NBC must have believed that Michael J. Fox would do for Thursday nights what Bill Cosby did in the early 80s. They gave him a full-season order based mostly on a pitch, and expectations that The Michael J. Fox Show would reignite the magic ran high. We should’ve known, however, that when NBC scheduled The Michael J. Fox Show for 9:30, they already realized that they had a stinker in the making. Yes, there is a great cast here — with Betsy Brandt and Wendell Pierce, in addition to Fox — but the writing is struggling to bring itself up to mediocre. Not even Anne Heche could bring any life to the series in last night’s episode, trying to extract laughs out of getting her hand smashed.
But if the best we can say about Fox’s show is that it’s on the brink of so-so, it’s still leaps and bounds ahead of the other two new entries. I could only muster the first half of Sean Saves the World last night before I had to turn it off in disgust. When’s the last time a good sitcom centered around a single Dad trying to buy a bra for his teenage daughter? Sean Hayes has great timing and considerable effervescence, but Sean Saves the World seems like a campy throwback to ABC’s TGIF lineup with Full House and Family Matters, only it is aimed at an older, disinterested audience.
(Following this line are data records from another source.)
(* Let $r\ge 1$ be an integer, $\tau_0>0$, and let $k_a$ satisfy $rk_a\in(0,1)$. Let $$h_w> \frac{4\tau_0}{(1+r)(1+rk_a)}.$$ Then there exist $k_v>0$, $k_p>0$ such that for every $\tau\in[0,\tau_0]$, the polynomial $\tau s^3+s^2+\big(rk_v+\tfrac{r(r+1)}{2}k_ph_w\big)s+rk_p$ is Hurwitz and $$r\,\sup_{\omega\in\mathbb{R}}|H_0(j\omega;\tau)|\le 1,\qquad H_0(s;\tau)=\frac{k_as^2+k_vs+k_p}{\tau s^3+s^2+\big(rk_v+\tfrac{r(r+1)}{2}k_ph_w\big)s+rk_p}.$$ Consequently, for every $\tau\in[0,\tau_0]$ and every $\omega\in\mathbb{R}$, all roots $z$ of $P(z;\omega)=z^r-H_0(j\omega;\tau)\sum_{l=1}^r z^{r-l}$ satisfy $|z|\le 1$ (i.e. the platoon is robustly string stable).
   Context: Platoon of identical vehicles with dynamics $\ddot x_i=a_i$, $\tau\dot a_i+a_i=u_i$, parasitic lag $\tau\in[0,\tau_0]$, each vehicle using position, velocity and acceleration of its $r$ immediate predecessors via the control law $u_i=\sum_{l=1}^r\big[k_a a_{i-l}-k_v(v_i-v_{i-l})-k_p(x_i-x_{i-l}+d_l+l h_w v_i)\big]$ (identical gains for all $l$), where $d_l$ is the standstill distance to the $l$-th predecessor. With spacing errors $e_i=x_i-x_{i-1}+d+h_wv_i$, the errors propagate as $E_i(s)=H_0(s)\sum_{l=1}^rE_{i-l}(s)$. Robust string stability means the spectral radius of the characteristic polynomial $P(z;\omega)$ is at most $1$ for all $\omega$ and all $\tau\in[0,\tau_0]$. *)

(* Complex numbers = an arbitrary numClosedFieldType C
   (e.g. algC); "real" quantities are elements x of C with x \is Num.real. *)
From HB Require Import structures.
From mathcomp Require Import all_boot all_order all_algebra.
Set Implicit Arguments. Unset Strict Implicit. Unset Printing Implicit Defensive.
Import Order.TTheory GRing.Theory Num.Theory.
Local Open Scope ring_scope.

Definition hurwitz (C : numClosedFieldType) (p : {poly C}) : Prop :=
  p != 0 /\ forall z : C, root p z -> 'Re z < 0.

Definition charpoly (C : numClosedFieldType) (r : nat) (kv kp hw tau : C)
  : {poly C} :=
  tau *: 'X^3 + 'X^2
  + (r%:R * kv + (r * r.+1)%:R / 2%:R * kp * hw) *: 'X
  + (r%:R * kp)%:P.

Definition numpoly (C : numClosedFieldType) (ka kv kp : C) : {poly C} :=
  ka *: 'X^2 + kv *: 'X + kp%:P.

Definition H0 (C : numClosedFieldType) (r : nat) (ka kv kp hw tau s : C) : C :=
  (numpoly ka kv kp).[s] / (charpoly r kv kp hw tau).[s].

Definition Ppoly (C : numClosedFieldType) (r : nat) (H : C) : {poly C} :=
  'X^r - H *: \sum_(1 <= l < r.+1) 'X^(r - l).

From HB Require Import structures.
From mathcomp Require Import all_boot all_order all_algebra.
From mathcomp Require Import ring zify.
Set Implicit Arguments. Unset Strict Implicit. Unset Printing Implicit Defensive.
Import Order.TTheory GRing.Theory Num.Theory.
Local Open Scope ring_scope.

(* For [t >= 0] the cubic [t s^3 + s^2 + b s + c] is Hurwitz as soon as
   [c > 0] and [t c < b] (Routh-Hurwitz), and [R |H0(w i)| <= 1] holds when
   [|den|^2 - R^2 |num|^2 = w^2 (A + B w^2 + t^2 w^4)] has [A, B >= 0].
   Taking [b = (1 - (r ka)^2) / (2 tau0)] makes [B >= 0] for [tau <= tau0];
   [kv] and [kp] are then fixed by requiring [A] to be a perfect square and
   [b = r kv + r(r+1)/2 kp hw], and the lower bound on [hw] is exactly what
   makes [kp > 0] and [tau r kp < b].  Finally, if [r |H| <= 1], a root of
   [z^r = H (z^(r-1) + ... + 1)] with [|z| > 1] would satisfy
   [|z|^r <= r |H| |z|^(r-1) <= |z|^(r-1)]. *)

Ltac solve_real :=
  repeat first [ assumption | rewrite realN | apply: realD | apply: realB
               | apply: realM | apply: realX | apply: realn ].

Section Cubic.
Variable C : numClosedFieldType.

Definition cubic (t b c : C) : {poly C} := t *: 'X^3 + 'X^2 + b *: 'X + c%:P.

Lemma horner_cubic (t b c z : C) :
  (cubic t b c).[z] = t * z ^+ 3 + z ^+ 2 + b * z + c.
Proof. by rewrite /cubic !(hornerD, hornerZ, hornerXn, hornerX, hornerC). Qed.

Lemma rect_eq0 (x y : C) : x \is Num.real -> y \is Num.real ->
  x + 'i * y = 0 -> x = 0 /\ y = 0.
Proof.
move=> xr yr xy0; split.
  by rewrite -(Re_rect xr yr) xy0 (Creal_ReP 0 (real0 _)).
by rewrite -(Im_rect xr yr) xy0 (Creal_ImP 0 (real0 _)).
Qed.

Lemma cubic_rect_root_lt0 (t b c x y : C) :
  0 <= t -> 0 < c -> t * c < b -> x \is Num.real -> y \is Num.real ->
  t * (x ^+ 3 - 3%:R * x * y ^+ 2) + x ^+ 2 - y ^+ 2 + b * x + c = 0 ->
  y * (t * (3%:R * x ^+ 2 - y ^+ 2) + 2%:R * x + b) = 0 ->
  x < 0.
Proof.
move=> t_ge0 c_gt0 tc_lt_b xr yr re0 im0.
have b_gt0 : 0 < b by apply: le_lt_trans tc_lt_b; rewrite mulr_ge0 // ltW.
rewrite real_ltNge ?real0 //; apply/negP => x_ge0.
move: im0 => /eqP; rewrite mulf_eq0 => /orP[/eqP y0 | /eqP im0].
  move: re0; rewrite y0 expr0n /= !mulr0 !subr0 => /eqP.
  by rewrite gt_eqF // ltr_wpDl // !addr_ge0 // ?mulr_ge0 ?exprn_ge0 // ltW.
(* This combination of the real part and of the imaginary part divided by [y]
   eliminates [y]. *)
have key : t * (t * (x ^+ 3 - 3%:R * x * y ^+ 2) + x ^+ 2 - y ^+ 2 + b * x + c)
    - (3%:R * t * x + 1) * (t * (3%:R * x ^+ 2 - y ^+ 2) + 2%:R * x + b)
    = (t * c - b) - (8%:R * t ^+ 2 * x ^+ 3 + 8%:R * t * x ^+ 2
                     + 2%:R * b * t * x + 2%:R * x) by ring.
have S_ge0 : 0 <= 8%:R * t ^+ 2 * x ^+ 3 + 8%:R * t * x ^+ 2
                  + 2%:R * b * t * x + 2%:R * x.
  by rewrite !addr_ge0 // !mulr_ge0 // ?exprn_ge0 // ltW.
move: key; rewrite re0 im0 !mulr0 subr0 => /eqP; rewrite eq_sym subr_eq add0r => /eqP tcb.
by move: tc_lt_b; rewrite -subr_lt0 tcb => /(le_lt_trans S_ge0); rewrite ltxx.
Qed.

Lemma cubic_root_Re_lt0 (t b c z : C) :
  0 <= t -> 0 < c -> t * c < b -> root (cubic t b c) z -> 'Re z < 0.
Proof.
move=> t_ge0 c_gt0 tc_lt_b; rewrite rootE horner_cubic => /eqP z_root.
have b_gt0 : 0 < b by apply: le_lt_trans tc_lt_b; rewrite mulr_ge0 // ltW.
have tr := ger0_real t_ge0; have br := gtr0_real b_gt0; have cr := gtr0_real c_gt0.
set x := 'Re z; set y := 'Im z.
have xr : x \is Num.real := Creal_Re z.
have yr : y \is Num.real := Creal_Im z.
set re := t * (x ^+ 3 - 3%:R * x * y ^+ 2) + x ^+ 2 - y ^+ 2 + b * x + c.
set im := y * (t * (3%:R * x ^+ 2 - y ^+ 2) + 2%:R * x + b).
have rect_root : re + 'i * im = 0.
  have -> : re + 'i * im = t * z ^+ 3 + z ^+ 2 + b * z + c
      - ('i ^+ 2 + 1) * (3%:R * t * x * y ^+ 2 + t * y ^+ 3 * 'i + y ^+ 2).
    by rewrite [in RHS](Crect z) /re /im -/x -/y; ring.
  by rewrite z_root sqrCi addNr mul0r subr0.
have [re0 im0] : re = 0 /\ im = 0.
  by apply: rect_eq0 rect_root; rewrite /re /im; solve_real.
exact: (cubic_rect_root_lt0 t_ge0 c_gt0 tc_lt_b xr yr re0 im0).
Qed.

Lemma hurwitz_cubic (t b c : C) :
  0 <= t -> 0 < c -> t * c < b -> hurwitz (cubic t b c).
Proof.
move=> t_ge0 c_gt0 tc_lt_b; split; last by move=> z; apply: cubic_root_Re_lt0.
apply/negP => /eqP/(congr1 (horner^~ 0)).
by rewrite /= horner_cubic horner0 !expr0n !mulr0 !add0r; apply/eqP; rewrite gt_eqF.
Qed.

Lemma horner_cubic_imag (t b c w : C) :
  (cubic t b c).[w * 'i] = (c - w ^+ 2) + 'i * (b * w - t * w ^+ 3).
Proof. by rewrite horner_cubic !exprMn (exprS 'i 2) sqrCi; ring. Qed.

Lemma horner_numpoly_imag (ka kv kp w : C) :
  (numpoly ka kv kp).[w * 'i] = (kp - ka * w ^+ 2) + 'i * (kv * w).
Proof.
by rewrite /numpoly !(hornerD, hornerZ, hornerXn, hornerX, hornerC) exprMn sqrCi; ring.
Qed.

Lemma norm_rect_ratio_le1 (R u1 v1 u2 v2 : C) :
  u1 \is Num.real -> v1 \is Num.real -> u2 \is Num.real -> v2 \is Num.real ->
  0 <= R -> R ^+ 2 * (u1 ^+ 2 + v1 ^+ 2) <= u2 ^+ 2 + v2 ^+ 2 ->
  R * `|(u1 + 'i * v1) / (u2 + 'i * v2)| <= 1.
Proof.
move=> u1r v1r u2r v2r R_ge0 le_uv.
have [->|nz_den] := eqVneq (u2 + 'i * v2) 0.
  by rewrite invr0 mulr0 normr0 mulr0 ler01.
rewrite normf_div mulrA ler_pdivrMr ?normr_gt0 // mul1r.
rewrite -(ler_pXn2r (n := 2)) // ?nnegrE ?mulr_ge0 //.
by rewrite exprMn !normC2_rect.
Qed.

Lemma cubic_gain_le1 (R ka kv kp b t w : C) :
  [/\ ka \is Num.real, kv \is Num.real, kp \is Num.real & b \is Num.real] ->
  t \is Num.real -> w \is Num.real -> 0 <= R ->
  0 <= b ^+ 2 - 2%:R * (R * kp) * (1 - R * ka) - R ^+ 2 * kv ^+ 2 ->
  0 <= 1 - (R * ka) ^+ 2 - 2%:R * b * t ->
  R * `|(numpoly ka kv kp).[w * 'i] / (cubic t b (R * kp)).[w * 'i]| <= 1.
Proof.
move=> [kar kvr kpr br] tr wr R_ge0 A_ge0 B_ge0.
have Rr := ger0_real R_ge0.
rewrite horner_numpoly_imag horner_cubic_imag.
apply: norm_rect_ratio_le1 => //; try solve_real.
rewrite -subr_ge0.
have -> : (R * kp - w ^+ 2) ^+ 2 + (b * w - t * w ^+ 3) ^+ 2
          - R ^+ 2 * ((kp - ka * w ^+ 2) ^+ 2 + (kv * w) ^+ 2) =
  w ^+ 2 * ((b ^+ 2 - 2%:R * (R * kp) * (1 - R * ka) - R ^+ 2 * kv ^+ 2)
     + (1 - (R * ka) ^+ 2 - 2%:R * b * t) * w ^+ 2 + t ^+ 2 * (w ^+ 2) ^+ 2).
  by ring.
have w2_ge0 : 0 <= w ^+ 2 by rewrite -realEsqr.
have t2_ge0 : 0 <= t ^+ 2 by rewrite -realEsqr.
apply: mulr_ge0 => //; apply: addr_ge0; first apply: addr_ge0 => //.
  exact: mulr_ge0.
by rewrite mulr_ge0 // exprn_ge0.
Qed.

End Cubic.

Lemma Ppoly_root_norm_le1 (C : numClosedFieldType) (r : nat) (H z : C) :
  (1 <= r)%N -> r%:R * `|H| <= 1 -> root (Ppoly r H) z -> `|z| <= 1.
Proof.
case: r => [//|r] _ rH.
rewrite rootE /Ppoly !hornerE horner_sum subr_eq0 => /eqP z_root.
rewrite real_leNgt ?normr_real ?real1 //; apply/negP => z_gt1.
have z_ge1 : 1 <= `|z| by exact: ltW.
have : `|z| ^+ r.+1 <= `|z| ^+ r.
  rewrite -normrX z_root normrM.
  apply: (@le_trans _ _ (`|H| * (`|z| ^+ r *+ r.+1))).
    apply: ler_wpM2l => //.
    have -> : `|z| ^+ r *+ r.+1 = \sum_(1 <= l < r.+2) `|z| ^+ r.
      by rewrite sumr_const_nat subn1.
    apply: (le_trans (ler_norm_sum _ _ _)).
    rewrite big_nat_cond [X in _ <= X]big_nat_cond.
    apply: ler_sum => l /andP [/andP [l_ge1 _] _]; rewrite hornerXn normrX.
    by apply: ler_weXn2l => //; lia.
  by rewrite -mulr_natl mulrCA mulrA ler_piMl // exprn_ge0.
by rewrite exprS ger_pMl ?exprn_gt0 ?(lt_trans ltr01) // => /(lt_le_trans z_gt1); rewrite ltxx.
Qed.

Section GainDesign.
Variables (C : numClosedFieldType) (r : nat) (tau0 ka hw : C).
Hypotheses (r_gt0 : (0 < r)%N) (tau0_gt0 : 0 < tau0).
Hypotheses (rka_gt0 : 0 < r%:R * ka) (rka_lt1 : r%:R * ka < 1).
Hypothesis hw_large : 4%:R * tau0 / ((1 + r%:R) * (1 + r%:R * ka)) < hw.

Let F := (1 + r%:R) * hw.
Let E := hw * ((1 + r%:R) * (1 + r%:R * ka)) - 4%:R * tau0.

(* [b_design] is the largest damping keeping [B >= 0] up to [tau = tau0];
   [kv_design] and [kp_design] make [A] a perfect square. *)
Definition kv_design : C := 2%:R * (1 - r%:R * ka) / (r%:R * F).
Definition kp_design : C := (1 - r%:R * ka) * E / (tau0 * r%:R * F ^+ 2).
Definition b_design : C := (1 - (r%:R * ka) ^+ 2) / (2%:R * tau0).

Let r_pos : 0 < r%:R :> C. Proof. by rewrite ltr0n. Qed.
Let one_sub_rka_gt0 : 0 < 1 - r%:R * ka. Proof. by rewrite subr_gt0. Qed.
Let one_add_rka_gt0 : 0 < 1 + r%:R * ka. Proof. by rewrite addr_gt0. Qed.
Let one_add_r_gt0 : 0 < 1 + r%:R :> C. Proof. by rewrite addr_gt0. Qed.

Let hw_gt0 : 0 < hw.
Proof. by apply: lt_trans hw_large; rewrite divr_gt0 ?mulr_gt0 ?ltr0n. Qed.
Let E_gt0 : 0 < E.
Proof. by rewrite subr_gt0 -ltr_pdivrMr // mulr_gt0. Qed.
Let F_gt0 : 0 < F. Proof. by rewrite mulr_gt0. Qed.

Lemma kv_design_gt0 : 0 < kv_design.
Proof. by rewrite divr_gt0 ?mulr_gt0 ?ltr0n. Qed.

Lemma kp_design_gt0 : 0 < kp_design.
Proof. by rewrite divr_gt0 ?mulr_gt0 ?exprn_gt0. Qed.

Lemma b_design_gt0 : 0 < b_design.
Proof.
rewrite divr_gt0 ?mulr_gt0 ?ltr0n // subr_gt0 expr2.
by rewrite (@le_lt_trans _ _ (r%:R * ka)) // ger_pMr // ltW.
Qed.

Lemma charpoly_design (tau : C) :
  charpoly r kv_design kp_design hw tau
  = cubic tau b_design (r%:R * kp_design).
Proof.
rewrite /charpoly /cubic; congr (_ + _ *: _ + _).
rewrite natrM -natr1 /kv_design /kp_design /b_design /E /F.
by field; rewrite !gt_eqF.
Qed.

Lemma design_w2_coef_ge0 :
  0 <= b_design ^+ 2 - 2%:R * (r%:R * kp_design) * (1 - r%:R * ka)
       - r%:R ^+ 2 * kv_design ^+ 2.
Proof.
have -> : b_design ^+ 2 - 2%:R * (r%:R * kp_design) * (1 - r%:R * ka)
          - r%:R ^+ 2 * kv_design ^+ 2
        = ((1 - r%:R * ka) * E / (2%:R * tau0 * F)) ^+ 2.
  by rewrite /b_design /kp_design /kv_design /E /F; field; rewrite !gt_eqF.
by rewrite -realEsqr gtr0_real // divr_gt0 ?mulr_gt0.
Qed.

Lemma design_w4_coef_ge0 (tau : C) : tau <= tau0 ->
  0 <= 1 - (r%:R * ka) ^+ 2 - 2%:R * b_design * tau.
Proof.
move=> tau_le.
have -> : 1 - (r%:R * ka) ^+ 2 - 2%:R * b_design * tau
        = (1 - r%:R * ka) * (1 + r%:R * ka) * (tau0 - tau) / tau0.
  by rewrite /b_design; field; rewrite gt_eqF.
by rewrite divr_ge0 ?mulr_ge0 ?subr_ge0 // ltW.
Qed.

Lemma design_routh (tau : C) : tau <= tau0 ->
  tau * (r%:R * kp_design) < b_design.
Proof.
move=> tau_le; rewrite -subr_gt0.
have -> : b_design - tau * (r%:R * kp_design) =
    (1 - r%:R * ka) * ((1 + r%:R * ka) * (F - tau0) ^+ 2
       + (6%:R + (1 - r%:R * ka)) * tau0 ^+ 2) / (2%:R * tau0 * F ^+ 2)
    + (tau0 - tau) * (r%:R * kp_design).
  by rewrite /b_design /kp_design /E /F; field; rewrite !gt_eqF.
apply: ltr_wpDr; first by rewrite mulr_ge0 ?subr_ge0 // ltW // mulr_gt0 // kp_design_gt0.
rewrite divr_gt0 ?mulr_gt0 ?exprn_gt0 //.
have sq_ge0 : 0 <= (F - tau0) ^+ 2 by rewrite -realEsqr rpredB // gtr0_real.
apply: ltr_wpDl; first by rewrite mulr_ge0 // ltW.
by rewrite mulr_gt0 ?exprn_gt0 // addr_gt0 // ltr0n.
Qed.

End GainDesign.

Theorem theorem2 (C : numClosedFieldType) (r : nat) (tau0 ka hw : C) :
  (1 <= r)%N -> 0 < tau0 ->
  0 < r%:R * ka -> r%:R * ka < 1 ->
  hw \is Num.real ->
  4%:R * tau0 / ((1 + r%:R) * (1 + r%:R * ka)) < hw ->
  exists kv kp : C, 0 < kv /\ 0 < kp /\
    forall tau : C, 0 <= tau -> tau <= tau0 ->
      hurwitz (charpoly r kv kp hw tau) /\
      (forall w : C, w \is Num.real ->
         r%:R * `|H0 r ka kv kp hw tau (w * 'i)| <= 1) /\
      (forall w : C, w \is Num.real -> forall z : C,
         root (Ppoly r (H0 r ka kv kp hw tau (w * 'i))) z -> `|z| <= 1).
Proof.
move=> r_gt0 tau0_gt0 rka_gt0 rka_lt1 _ hw_large.
have kv_gt0 := kv_design_gt0 r_gt0 tau0_gt0 rka_gt0 rka_lt1 hw_large.
have kp_gt0 := kp_design_gt0 r_gt0 tau0_gt0 rka_gt0 rka_lt1 hw_large.
have b_gt0 := b_design_gt0 tau0_gt0 rka_gt0 rka_lt1.
have r_pos : 0 < r%:R :> C by rewrite ltr0n.
have ka_gt0 : 0 < ka by rewrite -(pmulr_rgt0 _ r_pos).
exists (kv_design r ka hw), (kp_design r tau0 ka hw).
split => //; split => // tau tau_ge0 tau_le.
have gain_le1 : forall w : C, w \is Num.real ->
    r%:R * `|H0 r ka (kv_design r ka hw) (kp_design r tau0 ka hw) hw tau (w * 'i)| <= 1.
  move=> w wr; rewrite /H0 charpoly_design //.
  apply: cubic_gain_le1 => //.
  - by split; apply: gtr0_real.
  - exact: ger0_real.
  - by apply: design_w2_coef_ge0.
  - by apply: design_w4_coef_ge0.
split; last split => // w wr z; last by apply: Ppoly_root_norm_le1 => //; exact: gain_le1.
rewrite charpoly_design //; apply: hurwitz_cubic => //; first exact: mulr_gt0.
by apply: design_routh.
Qed.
In Welcome to the Family, meanwhile, last night’s second episode of the series was a 22-minute set up that culminated in two men punching each other in the balls. That is literally what happened.
To the dismay of its core sitcom audience, last year NBC’s president Robert Greenblatt vowed to broaden the appeal of their comedies. They brought in big names — Matthew Perry, Justin Kirk, and Jimmy Fallon, who produced a family sitcom with the Cosby’s Tempest Bledsoe and Anthony Anderson — and tried to reach out to a larger audience. None of the sitcoms that NBC debuted last year made it to a second season. But Greenblatt apparently learned nothing from his mistakes because this year, he brought in three more big names — Sean Hayes, Mike O’Malley, and Michael J. Fox — but he didn’t change the approach of those sitcoms. They’re still trying too hard to appeal to a huge audience, but there’s no longer a huge audience to appeal to. They’re already watching Big Bang Theory and Two and a Half Men on CBS.
NBC could’ve continued to generate well-crafted, thoughtful comedies with smaller cult audiences that would generate plenty of profits in syndication and on Netflix, like Community, The Office and Parks and Rec. It chose, instead, to go bigger, dumber, and more forgettable. It’s that final adjective that’s the most detrimental. Our television options these days are vast. The Michael J. Fox Show or Sean Saves the World might have survived in 1984, when there were only a handful of channels with scripted programs to choose from. But now? There’s too much good TV that we feel like we need to see, so we’re no longer interested in disposable comedies. We no longer watch television to kill time before bed. We watch television for riveting stories and complex characters. Two guys punching each other in the balls doesn’t meet that standard. I’m not even entirely sure whether the charming, infectious The Cosby Show would meet that standard anymore.
All I know is that NBC is trying desperately to replicate the success of the early years of its Must See TV run, but we live in a different era with more sophisticated television watchers. Instead of aiming for those big successes and failing spectacularly, maybe NBC should try to replicate its smaller successes of recent years: Smart, low-rated sitcoms that play well in syndication and on Netflix and that viewers gobble up on DVD. The profit margins may be smaller, but at least you’ve created something to be proud of.